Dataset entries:

Lemma closing_heights_small_eps a b : a_sum a <> 0 -> 0 < alpha_star a b ->
  exists eps0 C1 de, 0 < eps0 /\ 0 < C1 /\ 0 < de /\ forall e, 0 < Rabs e < eps0 ->
    exists y z stab, closing_heights a b e y z /\
      Rabs e * ab_norm a b * (2*y+2*z) <= /2 /\
      Rabs (y - alpha_star a b) <= de/2 /\ Rabs (z - alpha_star a b) <= de/2 /\
      de <= alpha_star a b / 2 /\ monotone_return a b e (alpha_star a b) de stab /\
      Rabs (y - alpha_star a b) <= C1 * Rabs e /\ Rabs (z - alpha_star a b) <= C1 * Rabs e.
Proof.
  intros Hsa Hal.
  destruct (return_map_monotone a b Hsa Hal) as [de [e2 (hde & hde2 & he2 & HS)]].
  destruct (transit_fixed_point a b Hsa Hal) as [e1 [C1 (he1 & hC1 & HE)]].
  set (al := alpha_star a b) in *. set (A := ab_norm a b).
  assert (hA : 1 <= A) by apply ab_norm_bounds.
  set (eps0 := Rmin (Rmin e1 e2) (Rmin (de/(2*C1)) (Rmin (/(10*A*al)) (/(2*A))))).
  exists eps0, C1, de. split.
  { unfold eps0. repeat apply Rmin_pos; auto. apply Rdiv_lt_0_compat; lra.
    apply Rinv_0_lt_compat. nra. apply Rinv_0_lt_compat. lra. }
  split; auto. split; auto. intros e He.
  assert (Hmin : forall m, eps0 <= m -> Rabs e < m) by (intros m hm; lra).
  assert (He1 : Rabs e < e1) by (apply Hmin; unfold eps0; eapply Rle_trans; apply Rmin_l).
  assert (He2 : Rabs e < e2) by (apply Hmin; unfold eps0; eapply Rle_trans; [apply Rmin_l| apply Rmin_r]).
  assert (He3 : Rabs e < de/(2*C1)) by (apply Hmin; unfold eps0; eapply Rle_trans;
    [apply Rmin_r| apply Rmin_l]).
  assert (He4 : Rabs e < /(10*A*al))
    by (apply Hmin; unfold eps0; eapply Rle_trans; [apply Rmin_r|]; eapply Rle_trans;
      [apply Rmin_r| apply Rmin_l]).
  assert (He5 : Rabs e < /(2*A))
    by (apply Hmin; unfold eps0; eapply Rle_trans; [apply Rmin_r|]; eapply Rle_trans; apply Rmin_r).
  destruct (HE e ltac:(split; [apply He| auto])) as [y [z (Ey & Ez & hy & hz & dy & dz)]].
  destruct (HS e ltac:(split; [apply He| auto])) as [stab Hst].
  assert (HC1e : C1 * Rabs e <= de / 2).
  { apply Rmult_lt_compat_l with (r := C1) in He3; auto.
    replace (C1 * (de / (2*C1))) with (de/2) in He3 by (field; lra). lra. }
  assert (yb := dy). assert (zb := dz). apply Rabs_le_between in yb, zb.
  assert (heA : Rabs e * A <= /2).
  { apply Rmult_lt_compat_r with (r := A) in He5; [|lra].
    replace (/ (2 * A) * A) with (/2) in He5 by (field; lra). lra. }
  assert (hq : Rabs e * A * (2*y+2*z) <= /2).
  { assert (k : Rabs e * (10*A*al) < 1).
    { apply Rmult_lt_compat_r with (r := 10*A*al) in He4; [|nra]. rewrite Rinv_l in He4 by nra. lra. }
    assert (0 <= Rabs e * A) by (apply Rmult_le_pos; [apply Rabs_pos| lra]).
    assert (Rabs e * A * (2*y+2*z) <= Rabs e * A * (5 * al)) by (apply Rmult_le_compat_l; lra). nra. }
  exists y, z, stab.
  refine (conj _ (conj hq (conj _ (conj _ (conj hde2 (conj Hst (conj dy dz)))))));
    [unfold closing_heights; fold A; repeat split; auto| lra| lra].
Qed.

● **What is expected**: Please copy out each line of the data in which the word "intros" occurs.

● **Task output**:
  intros Hsa Hal.
  split; auto. split; auto. intros e He.
  assert (Hmin : forall m, eps0 <= m -> Rabs e < m) by (intros m hm; lra).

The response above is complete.